**WHAT IS NEEDED**
Each line below from the one containing "Definition subset (A" through the one containing "[y [HS'y HSy]]]." is to be given again exactly, and no line outside that span.

**Stored data entries**
○ ○ ○ ○ ○

(* For $n\ge 2$, the letter in position $idx$ ($1\le idx\le 2\cdot4^{n-2}-1$) of the Koch code $w_n$ equals $1$ if and only if $$idx=4^{i}(2k-1)\quad\text{for some } i\in\{0,1,\dots,n-2\},\ k\in\{1,2,\dots,4^{\,n-2-i}\}.$$ Consequently $w_n$ contains exactly $\frac{4^{n-1}-1}{3}$ letters $1$ and exactly $\frac{2(4^{n-2}-1)}{3}$ letters $0$.
   Context: Let $R_\theta$ denote counterclockwise rotation of $\mathbb R^2$ by the angle $\theta$. The standard Koch curve at step $n$ is the polygon $K_n$ with vertices $r_1,\dots,r_{4^{n-1}+1}$ defined recursively: $K_1$ has vertices $(0,0),(1,0)$; $K_{n+1}$ is obtained from $K_n$ by replacing each edge from $p$ to $q$, in order, by the four edges through the points $p,\ p+\tfrac13(q-p),\ p+\tfrac13(q-p)+\tfrac13R_{\pi/3}(q-p),\ p+\tfrac23(q-p),\ q$, and numbering the resulting vertices consecutively starting from $(0,0)$. A vertex $r_i$ ($2\le i\le 4^{n-1}$) is a sharp point if the angle $\angle r_{i-1}r_ir_{i+1}$ equals $\pi/3$. For $n\ge 2$ the Koch code at step $n$ is the word $w_n=c_1\cdots c_{2\cdot4^{n-2}-1}$ over $\{0,1\}$ with $c_k=1$ iff $r_{2k+1}$ is a sharp point of $K_n$. (Equivalently, $w_2=1$ and $w_{n+1}=w_n0w_n1w_n0w_n$.) *)

From mathcomp Require Import all_boot.
Set Implicit Arguments. Unset Strict Implicit. Unset Printing Implicit Defensive.

Definition koch_step (w : seq nat) : seq nat :=
  w ++ 0 :: w ++ 1 :: w ++ 0 :: w.

(* Koch code at step n (meaningful for n >= 2): w_2 = 1, w_{n+1} = koch_step w_n.
   Letters are the natural numbers 0 and 1. *)
Definition koch_code (n : nat) : seq nat := iter (n - 2) koch_step [:: 1].

Definition koch_letter (n idx : nat) : nat := nth 0 (koch_code n) idx.-1.

From mathcomp Require Import all_boot.
From mathcomp Require Import zify.

(* Let r(j) = 1 if the 2-adic valuation of j is even and 0 otherwise, and let
   P_e = r(1) ... r(2^e - 1).  Adding 2^e to a number below 2^e does not change
   its valuation, so P_{e+1} = P_e r(2^e) P_e; two such doublings, starting
   from an odd e, are exactly one Koch step w |-> w 0 w 1 w 0 w.  Hence
   w_n = P_{2n-3}, and its 1s sit at the numbers 4^i times an odd number. *)

Definition ruler_letter (j : nat) : nat := ~~ odd (logn 2 j).

Definition ruler_prefix (e : nat) : seq nat :=
  mkseq (fun j => ruler_letter j.+1) (2 ^ e - 1).

Lemma mkseqD (T : Type) (f : nat -> T) m n :
  mkseq f (m + n) = mkseq f m ++ mkseq (fun j => f (m + j)) n.
Proof.
rewrite /mkseq iotaD map_cat add0n; congr (_ ++ _).
by rewrite -[m in iota m]addn0 iotaDl -map_comp.
Qed.

Lemma logn_pfactorMl p a o : prime p -> coprime p o -> logn p (o * p ^ a) = a.
Proof. by move=> p_pr co_po; rewrite logn_Gauss // pfactorK. Qed.

Lemma logn_addl_pfactor p e y :
  prime p -> 0 < y < p ^ e -> logn p (p ^ e + y) = logn p y.
Proof.
move=> p_pr /andP[y_gt0 y_lt].
have [o co_po def_y] := pfactor_coprime p_pr y_gt0.
set a := logn p y in def_y *.
have a_lt_e : a < e.
  rewrite -(ltn_exp2l _ _ (prime_gt1 p_pr)) (leq_ltn_trans _ y_lt) // def_y.
  by rewrite leq_pmull // lt0n; apply: contraTneq y_gt0 => o0; rewrite def_y o0.
have [k def_e] : exists k, e = a + k.+1 by exists (e - a).-1; lia.
have -> : p ^ e + y = (p ^ k * p + o) * p ^ a.
  by rewrite def_y def_e mulnDl -mulnA -expnS -expnD !addnS [a + k]addnC.
by rewrite logn_pfactorMl // -coprime_modr modnMDl coprime_modr.
Qed.

Lemma ruler_letter_pow2 e : ruler_letter (2 ^ e) = ~~ odd e.
Proof. by rewrite /ruler_letter pfactorK. Qed.

Lemma ruler_prefixS e :
  ruler_prefix e.+1 = ruler_prefix e ++ ruler_letter (2 ^ e) :: ruler_prefix e.
Proof.
have pow_gt0 : 0 < 2 ^ e by rewrite expn_gt0.
rewrite /ruler_prefix (_ : 2 ^ e.+1 - 1 = (2 ^ e - 1) + (1 + (2 ^ e - 1))).
  rewrite !mkseqD /= addn0 (_ : (2 ^ e - 1).+1 = 2 ^ e); last by lia.
  congr (_ ++ _ :: _); apply/eq_in_map => j; rewrite mem_iota => /andP[_ j_lt].
  rewrite (_ : _.+1 = 2 ^ e + j.+1); last by lia.
  by rewrite /ruler_letter logn_addl_pfactor //; lia.
by rewrite expnS; lia.
Qed.

Lemma koch_iter_ruler m : iter m koch_step [:: 1] = ruler_prefix m.*2.+1.
Proof.
elim: m => [|m IHm]; first by [].
rewrite iterS IHm doubleS [ruler_prefix _.+3]ruler_prefixS.
rewrite [ruler_prefix _.+2]ruler_prefixS !ruler_letter_pow2 /= odd_double.
by rewrite /koch_step -!catA.
Qed.

Lemma expn2_odd m : 2 ^ m.*2.+1 = 2 * 4 ^ m.
Proof. by rewrite expnS -mul2n expnM. Qed.

Lemma ruler_letter_eq1P x : 0 < x ->
  ruler_letter x = 1 <-> exists i k, 0 < k /\ x = 4 ^ i * (2 * k - 1).
Proof.
move=> x_gt0; split.
- rewrite /ruler_letter; case a_odd: (odd _) => //= _.
  have [o co_2o def_x] := pfactor_coprime (isT : prime 2) x_gt0.
  exists (logn 2 x)./2, (o./2).+1; move: co_2o; rewrite coprime2n => o_odd.
  have def_a : logn 2 x = ((logn 2 x)./2).*2.
    by rewrite -[LHS]odd_double_half a_odd add0n.
  have def_o : o = (o./2).*2.+1 by rewrite -{1}(odd_double_half o) o_odd.
  split=> //; rewrite {1}def_x {1}def_a -mul2n expnM mulnC {1}def_o.
  by congr (_ * _); lia.
- case=> i [k [k_gt0 ->]].
  rewrite /ruler_letter (_ : 4 ^ i = 2 ^ i.*2); last by rewrite -mul2n expnM.
  rewrite mulnC logn_pfactorMl ?odd_double // coprime2n.
  by rewrite (_ : 2 * k - 1 = (k.-1).*2.+1) /= ?odd_double //; lia.
Qed.

Lemma odd_multiple_pow4_bound m i k : 0 < k -> 4 ^ i * (2 * k - 1) < 2 * 4 ^ m ->
  i <= m /\ k <= 4 ^ (m - i).
Proof.
move=> k_gt0 x_lt.
have i_le_m : i <= m.
  rewrite leqNgt; apply/negP => m_lt_i.
  have : 4 ^ m.+1 <= 4 ^ i by rewrite leq_exp2l.
  have : 4 ^ i <= 4 ^ i * (2 * k - 1) by rewrite leq_pmulr //; lia.
  rewrite expnS; lia.
split=> //.
have pow_gt0 : 0 < 4 ^ i by rewrite expn_gt0.
have split_pow : 4 ^ m = 4 ^ (m - i) * 4 ^ i by rewrite -expnD subnK.
move: x_lt; rewrite split_pow mulnA [4 ^ i * _]mulnC ltn_pmul2r //; lia.
Qed.

Lemma count_koch_step (a : nat) w :
  count_mem a (koch_step w) = 4 * count_mem a w + count_mem a [:: 0; 1; 0].
Proof.
rewrite /koch_step; do 3!rewrite count_cat /=.
by move: (count_mem a w) (0 == a) (1 == a) => c [] [] /=; lia.
Qed.

Lemma count_koch_iter m :
  3 * count_mem 1 (iter m koch_step [:: 1]) + 1 = 4 ^ m.+1 /\
  3 * count_mem 0 (iter m koch_step [:: 1]) + 2 = 2 * 4 ^ m.
Proof.
elim: m => [|m [IH1 IH0]] //.
rewrite iterS !count_koch_step /= !expnS in IH1 *.
by move: IH1 IH0; move: (count_mem 1 _) (count_mem 0 _) (4 ^ m) => c1 c0 p; lia.
Qed.

Theorem mainTheorem4 (n : nat) (hn : 2 <= n) :
  (forall idx : nat, 1 <= idx <= 2 * 4 ^ (n - 2) - 1 ->
     (koch_letter n idx = 1 <->
      exists i k : nat, [/\ i <= n - 2, 1 <= k <= 4 ^ (n - 2 - i)
                         & idx = 4 ^ i * (2 * k - 1)]))
  /\ count (pred1 1) (koch_code n) = (4 ^ (n - 1) - 1) %/ 3
  /\ count (pred1 0) (koch_code n) = (2 * (4 ^ (n - 2) - 1)) %/ 3.
Proof.
rewrite /koch_letter /koch_code (_ : n - 1 = (n - 2).+1); last by lia.
move: (n - 2) => m; have [count1 count0] := count_koch_iter m.
split; [move=> idx /andP[idx_gt0 idx_le] | split].
- rewrite koch_iter_ruler nth_mkseq; last by rewrite expn2_odd; lia.
  rewrite prednK // ruler_letter_eq1P //; split.
  + case=> i [k [k_gt0 def_idx]].
    have [i_le k_le] : i <= m /\ k <= 4 ^ (m - i).
      by apply: odd_multiple_pow4_bound k_gt0 _; rewrite -def_idx; lia.
    by exists i, k; rewrite k_gt0.
  + by case=> i [k [_ /andP[k_gt0 _] def_idx]]; exists i, k.
- by rewrite -count1 addnK mulKn.
- rewrite (_ : 2 * (4 ^ m - 1) = 3 * count_mem 0 (iter m koch_step [:: 1])).
    by rewrite mulKn.
  lia.
Qed.
(* Let $k\ge 2$ be an integer and $i=4k-1$. Then for every $n\in\{2,3,\dots,k\}$, the numerical semigroup $S(i)$ admits a factorization into irreducible numerical semigroups of length $n$. Moreover, if $k\ge 3$, then $S(4k-1)$ admits at least two distinct factorizations of length $k$.
   Context: $\mathbb{N}$ denotes the non-negative integers. A numerical semigroup is a submonoid of $(\mathbb{N},+)$ with finite complement. A numerical semigroup is irreducible if it cannot be written as the intersection of two numerical semigroups properly containing it. For an odd integer $j\ge 3$, $T(j)=\{0,\tfrac{j+1}{2},\tfrac{j+1}{2}+1,\dots,j-1\}\cup\{n\in\mathbb{Z}:n\ge j+1\}$. For odd $i\ge5$, $S(i)=\langle 2,i\rangle\cap T(i)$, where $\langle 2,i\rangle=\{2x+iy:x,y\in\mathbb{N}\}$. Given a numerical semigroup $S$ and irreducible numerical semigroups $S_1,\dots,S_n$, the expression $S_1\cap\dots\cap S_n$ is a factorization of $S$ (of length $n$) if $S=S_1\cap\dots\cap S_n$ and $S\neq\bigcap_{j\in J}S_j$ for every nonempty proper subset $J\subsetneq\{1,\dots,n\}$. Two factorizations are distinct if their sets of factors $\{S_1,\dots,S_n\}$ differ. *)

From Stdlib Require Import Arith Lia.

Definition nset := nat -> Prop.

Definition seteq (A B : nset) : Prop := forall x, A x <-> B x.

Definition subset (A B : nset) : Prop := forall x, A x -> B x.

Definition proper_subset (A B : nset) : Prop :=
  subset A B /\ exists x, B x /\ ~ A x.

Definition is_numsg (S : nset) : Prop :=
  S 0 /\ (forall x y, S x -> S y -> S (x + y)) /\
  exists N, forall x, N <= x -> S x.

Definition irreducible (S : nset) : Prop :=
  is_numsg S /\
  ~ (exists S1 S2, is_numsg S1 /\ is_numsg S2 /\
       proper_subset S S1 /\ proper_subset S S2 /\
       seteq S (fun x => S1 x /\ S2 x)).

Definition T (j : nat) : nset :=
  fun x => x = 0 \/ ((j + 1) / 2 <= x /\ x <= j - 1) \/ j + 1 <= x.

Definition gen2 (i : nat) : nset :=
  fun x => exists a b, x = 2 * a + i * b.

Definition Ssg (i : nat) : nset := fun x => gen2 i x /\ T i x.

Definition is_factorization (S : nset) (n : nat) (F : nat -> nset) : Prop :=
  (forall j, j < n -> irreducible (F j)) /\
  seteq S (fun x => forall j, j < n -> F j x) /\
  (forall J : nat -> Prop,
      (exists j, j < n /\ J j) -> (exists j, j < n /\ ~ J j) ->
      ~ seteq S (fun x => forall j, j < n -> J j -> F j x)).

Definition distinct_factors (n : nat) (F : nat -> nset) (m : nat) (G : nat -> nset) : Prop :=
  (exists j, j < n /\ forall l, l < m -> ~ seteq (F j) (G l)) \/
  (exists l, l < m /\ forall j, j < n -> ~ seteq (G l) (F j)).

(* S(4k-1) = {0} ∪ {even x >= 2k} ∪ [4k+1, ∞).  For every m the semigroup
   K_m = {0} ∪ [m+1, ∞) \ {2m+1} is irreducible, since every gap x < 2m+1
   has 2m+1-x in K_m, and K_m removes exactly the odd number 2m+1 from
   K_{2k-1}.  So S(4k-1) is the intersection of K_{2k-1}, ..., K_{2k-n+1}
   with any irreducible oversemigroup removing precisely the odd numbers
   2k+1, ..., 4k-2n+1 among 2k+1, ..., 4k-1: the symmetric semigroup
   <2, 4k-2n+3>, or K_k when n = k.  Each factor is the only one missing a
   certain gap of S(4k-1), so no factor can be dropped. *)
From Stdlib Require Import Arith Lia.

Lemma irreducible_of_paired_gaps (S : nset) (f : nat) :
  is_numsg S -> ~ S f ->
  (forall x, ~ S x -> x <= f /\ (S (f - x) \/ x + x = f)) ->
  irreducible S.
Proof.
  intros HS Hf Hgaps. split; [exact HS |].
  assert (Hover : forall S', is_numsg S' -> proper_subset S S' -> S' f).
  { intros S' [_ [Hadd _]] [HSS' [y [HS'y HSy]]].
    destruct (Hgaps y HSy) as [Hyf [Hfy | Hfy]].
    - replace f with (y + (f - y)) by lia. apply Hadd; auto.
    - rewrite <- Hfy. auto. }
  intros (S1 & S2 & H1 & H2 & Hp1 & Hp2 & Heq).
  apply Hf, Heq. split; [apply Hover | apply Hover]; assumption.
Qed.

Lemma irredundant_of_witnesses (S : nset) (n : nat) (F : nat -> nset) :
  (forall j0, j0 < n -> exists p, ~ S p /\ forall j, j < n -> j <> j0 -> F j p) ->
  forall J : nat -> Prop, (exists j, j < n /\ J j) -> (exists j, j < n /\ ~ J j) ->
  ~ seteq S (fun x => forall j, j < n -> J j -> F j x).
Proof.
  intros Hwit J _ [j0 [Hj0 HJ0]] Heq.
  destruct (Hwit j0 Hj0) as [p [HSp Hp]].
  apply HSp, Heq. intros j Hj HJ. apply Hp; [exact Hj |].
  intros ->. contradiction.
Qed.

Lemma is_factorization_seteq (S S' : nset) (n : nat) (F : nat -> nset) :
  seteq S S' -> is_factorization S n F -> is_factorization S' n F.
Proof.
  intros HSS' [Hirr [Hint Hmin]]. split; [exact Hirr | split].
  - intros x. rewrite <- (HSS' x). apply Hint.
  - intros J HJ HnJ Heq. apply (Hmin J HJ HnJ). intros x. rewrite (HSS' x). apply Heq.
Qed.

Definition punctured_halfline (m : nat) : nset :=
  fun x => x = 0 \/ (m + 1 <= x /\ x <> 2 * m + 1).

Definition evens_or_above (m : nat) : nset :=
  fun x => Nat.Even x \/ 2 * m + 1 < x.

Lemma punctured_halfline_irreducible (m : nat) : irreducible (punctured_halfline m).
Proof.
  unfold punctured_halfline.
  apply (irreducible_of_paired_gaps _ (2 * m + 1)); [repeat split | lia | lia].
  - lia.
  - intros x y Hx Hy. lia.
  - exists (2 * m + 2). lia.
Qed.

Lemma evens_or_above_irreducible (m : nat) : irreducible (evens_or_above m).
Proof.
  unfold evens_or_above.
  apply (irreducible_of_paired_gaps _ (2 * m + 1)); [repeat split | | ].
  - left. exists 0. reflexivity.
  - intros x y [[a ->] | Hx] [[b ->] | Hy]; [left; exists (a + b) | right | right | right]; lia.
  - exists (2 * m + 2). intros x Hx. right. lia.
  - intros [[a Ha] | H]; lia.
  - intros x Hx. split.
    + destruct (le_lt_dec x (2 * m + 1)); [assumption |].
      exfalso. apply Hx. right. lia.
    + left. left. destruct (Nat.Even_or_Odd x) as [Hev | [a Ha]].
      * exfalso. apply Hx. left. exact Hev.
      * exists (m - a). lia.
Qed.

Definition S_explicit (k : nat) : nset :=
  fun x => x = 0 \/ (2 * k <= x /\ Nat.Even x) \/ 4 * k + 1 <= x.

Lemma Ssg_explicit (k : nat) : 1 <= k -> seteq (Ssg (4 * k - 1)) (S_explicit k).
Proof.
  intros Hk x. unfold Ssg, gen2, T, S_explicit.
  replace ((4 * k - 1 + 1) / 2) with (2 * k)
    by (replace (4 * k - 1 + 1) with (2 * k * 2) by lia; symmetry; apply Nat.div_mul; lia).
  split.
  - intros [[a [[| b] ->]] HT].
    + destruct HT as [H | [H | H]]; [left | right; left; split; [| exists a] ..]; lia.
    + destruct (Nat.eq_dec (2 * a + (4 * k - 1) * S b) (4 * k)) as [H4k | H4k].
      * right. left. split; [lia | exists (2 * k); lia].
      * right. right. nia.
  - intros [-> | [[H2k [a ->]] | H4k]].
    + split; [exists 0, 0 | left]; lia.
    + split; [exists a, 0 | right]; lia.
    + split; [| right; right; lia].
      destruct (Nat.Even_or_Odd x) as [[a ->] | [a ->]];
        [exists a, 0 | exists (a - (2 * k - 1)), 1]; lia.
Qed.

Lemma S_explicit_of_odd_gaps (k x : nat) :
  punctured_halfline (2 * k - 1) x ->
  (forall a, x = 2 * a + 1 -> k <= a < 2 * k -> False) ->
  S_explicit k x.
Proof.
  unfold punctured_halfline, S_explicit. intros Hx Hodd.
  destruct (Nat.Even_or_Odd x) as [Hev | [a Ha]].
  - destruct Hx as [Hx | Hx]; [left; exact Hx | right; left; split; [lia | exact Hev]].
  - destruct Hx as [Hx | Hx]; [left; exact Hx |].
    right. right. destruct (le_lt_dec (4 * k + 1) x); [assumption |].
    exfalso. apply (Hodd a Ha). lia.
Qed.

Definition factor_family (k n : nat) (L : nset) (j : nat) : nset :=
  if j <? n - 1 then punctured_halfline (2 * k - 1 - j) else L.

Section LastFactor.

Variables (k n : nat) (L : nset).
Hypotheses (Hn : 2 <= n) (Hnk : n <= k).
Hypotheses (HLirr : irreducible L) (HSL : subset (S_explicit k) L).
Hypothesis HLodd : forall a, k <= a < 2 * k -> (L (2 * a + 1) <-> 2 * k - n < a).

Lemma factor_family_irreducible (j : nat) : irreducible (factor_family k n L j).
Proof.
  unfold factor_family. destruct (j <? n - 1);
    [apply punctured_halfline_irreducible | exact HLirr].
Qed.

Lemma S_explicit_sub_factor_family (j x : nat) :
  S_explicit k x -> factor_family k n L j x.
Proof.
  intros Hx. unfold factor_family. destruct (Nat.ltb_spec j (n - 1)); [| auto].
  unfold S_explicit, punctured_halfline in *.
  destruct Hx as [Hx | [[Hx [a ->]] | Hx]]; lia.
Qed.

Lemma factor_family_inter_sub_S_explicit (x : nat) :
  (forall j, j < n -> factor_family k n L j x) -> S_explicit k x.
Proof.
  intros Hall. apply S_explicit_of_odd_gaps.
  { specialize (Hall 0 ltac:(lia)). unfold factor_family in Hall.
    destruct (Nat.ltb_spec 0 (n - 1)); [| lia].
    rewrite Nat.sub_0_r in Hall. exact Hall. }
  intros a -> Ha. destruct (le_lt_dec a (2 * k - n)) as [Hlast | Hmid].
  - specialize (Hall (n - 1) ltac:(lia)). unfold factor_family in Hall.
    destruct (Nat.ltb_spec (n - 1) (n - 1)); [lia |].
    apply HLodd in Hall; lia.
  - specialize (Hall (2 * k - 1 - a) ltac:(lia)). unfold factor_family in Hall.
    destruct (Nat.ltb_spec (2 * k - 1 - a) (n - 1)); [| lia].
    unfold punctured_halfline in Hall. lia.
Qed.

(* Factor j < n-1 is the only one missing 4k-1-2j, the last one the only
   one missing 4k-2n+1. *)
Lemma factor_family_witnesses (j0 : nat) : j0 < n ->
  exists p, ~ S_explicit k p /\
            forall j, j < n -> j <> j0 -> factor_family k n L j p.
Proof.
  intros Hj0.
  assert (Hgap : forall a, k <= a < 2 * k -> ~ S_explicit k (2 * a + 1)).
  { unfold S_explicit. intros a Ha [H | [[_ [b Hb]] | H]]; lia. }
  unfold factor_family. destruct (Nat.ltb_spec j0 (n - 1)).
  - exists (2 * (2 * k - 1 - j0) + 1). split; [apply Hgap; lia |].
    intros j Hj Hne. destruct (Nat.ltb_spec j (n - 1)).
    + unfold punctured_halfline. lia.
    + apply HLodd; lia.
  - exists (2 * (2 * k - n) + 1). split; [apply Hgap; lia |].
    intros j Hj Hne. destruct (Nat.ltb_spec j (n - 1)); [| lia].
    unfold punctured_halfline. lia.
Qed.

Lemma factor_family_factorization :
  is_factorization (Ssg (4 * k - 1)) n (factor_family k n L).
Proof.
  apply (is_factorization_seteq (S_explicit k)).
  { intros x. symmetry. apply Ssg_explicit. lia. }
  split; [| split].
  - intros j _. apply factor_family_irreducible.
  - intros x. split.
    + intros Hx j _. apply S_explicit_sub_factor_family, Hx.
    + apply factor_family_inter_sub_S_explicit.
  - apply irredundant_of_witnesses, factor_family_witnesses.
Qed.

End LastFactor.

Lemma factorization_evens_last (k n : nat) : 2 <= n -> n <= k ->
  is_factorization (Ssg (4 * k - 1)) n (factor_family k n (evens_or_above (2 * k - n))).
Proof.
  intros Hn Hnk. apply factor_family_factorization; try assumption.
  - apply evens_or_above_irreducible.
  - unfold S_explicit, evens_or_above. intros x [-> | [[_ Hev] | Hx]].
    + left. exists 0. reflexivity.
    + left. exact Hev.
    + right. lia.
  - intros a Ha. unfold evens_or_above. split.
    + intros [[b Hb] | H]; lia.
    + intros H. right. lia.
Qed.

Lemma factorization_punctured_last (k : nat) : 2 <= k ->
  is_factorization (Ssg (4 * k - 1)) k (factor_family k k (punctured_halfline k)).
Proof.
  intros Hk. apply factor_family_factorization; try lia.
  - apply punctured_halfline_irreducible.
  - unfold S_explicit, punctured_halfline. intros x [-> | [[Hx [a ->]] | Hx]]; lia.
  - intros a Ha. unfold punctured_halfline. lia.
Qed.

Theorem mainTheorem4 (k : nat) (hk : 2 <= k) :
  (forall n, 2 <= n -> n <= k ->
     exists F, is_factorization (Ssg (4 * k - 1)) n F) /\
  (3 <= k ->
     exists F G, is_factorization (Ssg (4 * k - 1)) k F /\
                 is_factorization (Ssg (4 * k - 1)) k G /\
                 distinct_factors k F k G).
Proof.
  split.
  - intros n Hn Hnk. eexists. apply factorization_evens_last; assumption.
  - intros _. do 2 eexists.
    split; [apply factorization_evens_last; lia |].
    split; [apply factorization_punctured_last; exact hk |].
    left. exists (k - 1). split; [lia |]. intros l Hl Heq.
    assert (H2 : factor_family k k (evens_or_above (2 * k - k)) (k - 1) 2).
    { unfold factor_family. rewrite (proj2 (Nat.ltb_ge _ _)) by lia.
      left. exists 1. reflexivity. }
    apply Heq in H2. unfold factor_family, punctured_halfline in H2.
    destruct (l <? k - 1); lia.
Qed.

○ ○ ○ ○ ○

**ANSWER**
Definition subset (A B : nset) : Prop := forall x, A x -> B x.

Definition proper_subset (A B : nset) : Prop :=
  subset A B /\ exists x, B x /\ ~ A x.

Definition is_numsg (S : nset) : Prop :=
  S 0 /\ (forall x y, S x -> S y -> S (x + y)) /\
  exists N, forall x, N <= x -> S x.

Definition irreducible (S : nset) : Prop :=
  is_numsg S /\
  ~ (exists S1 S2, is_numsg S1 /\ is_numsg S2 /\
       proper_subset S S1 /\ proper_subset S S2 /\
       seteq S (fun x => S1 x /\ S2 x)).

Definition T (j : nat) : nset :=
  fun x => x = 0 \/ ((j + 1) / 2 <= x /\ x <= j - 1) \/ j + 1 <= x.

Definition gen2 (i : nat) : nset :=
  fun x => exists a b, x = 2 * a + i * b.

Definition Ssg (i : nat) : nset := fun x => gen2 i x /\ T i x.

Definition is_factorization (S : nset) (n : nat) (F : nat -> nset) : Prop :=
  (forall j, j < n -> irreducible (F j)) /\
  seteq S (fun x => forall j, j < n -> F j x) /\
  (forall J : nat -> Prop,
      (exists j, j < n /\ J j) -> (exists j, j < n /\ ~ J j) ->
      ~ seteq S (fun x => forall j, j < n -> J j -> F j x)).

Definition distinct_factors (n : nat) (F : nat -> nset) (m : nat) (G : nat -> nset) : Prop :=
  (exists j, j < n /\ forall l, l < m -> ~ seteq (F j) (G l)) \/
  (exists l, l < m /\ forall j, j < n -> ~ seteq (G l) (F j)).

(* S(4k-1) = {0} ∪ {even x >= 2k} ∪ [4k+1, ∞).  For every m the semigroup
   K_m = {0} ∪ [m+1, ∞) \ {2m+1} is irreducible, since every gap x < 2m+1
   has 2m+1-x in K_m, and K_m removes exactly the odd number 2m+1 from
   K_{2k-1}.  So S(4k-1) is the intersection of K_{2k-1}, ..., K_{2k-n+1}
   with any irreducible oversemigroup removing precisely the odd numbers
   2k+1, ..., 4k-2n+1 among 2k+1, ..., 4k-1: the symmetric semigroup
   <2, 4k-2n+3>, or K_k when n = k.  Each factor is the only one missing a
   certain gap of S(4k-1), so no factor can be dropped. *)
From Stdlib Require Import Arith Lia.

Lemma irreducible_of_paired_gaps (S : nset) (f : nat) :
  is_numsg S -> ~ S f ->
  (forall x, ~ S x -> x <= f /\ (S (f - x) \/ x + x = f)) ->
  irreducible S.
Proof.
  intros HS Hf Hgaps. split; [exact HS |].
  assert (Hover : forall S', is_numsg S' -> proper_subset S S' -> S' f).
  { intros S' [_ [Hadd _]] [HSS' [y [HS'y HSy]]].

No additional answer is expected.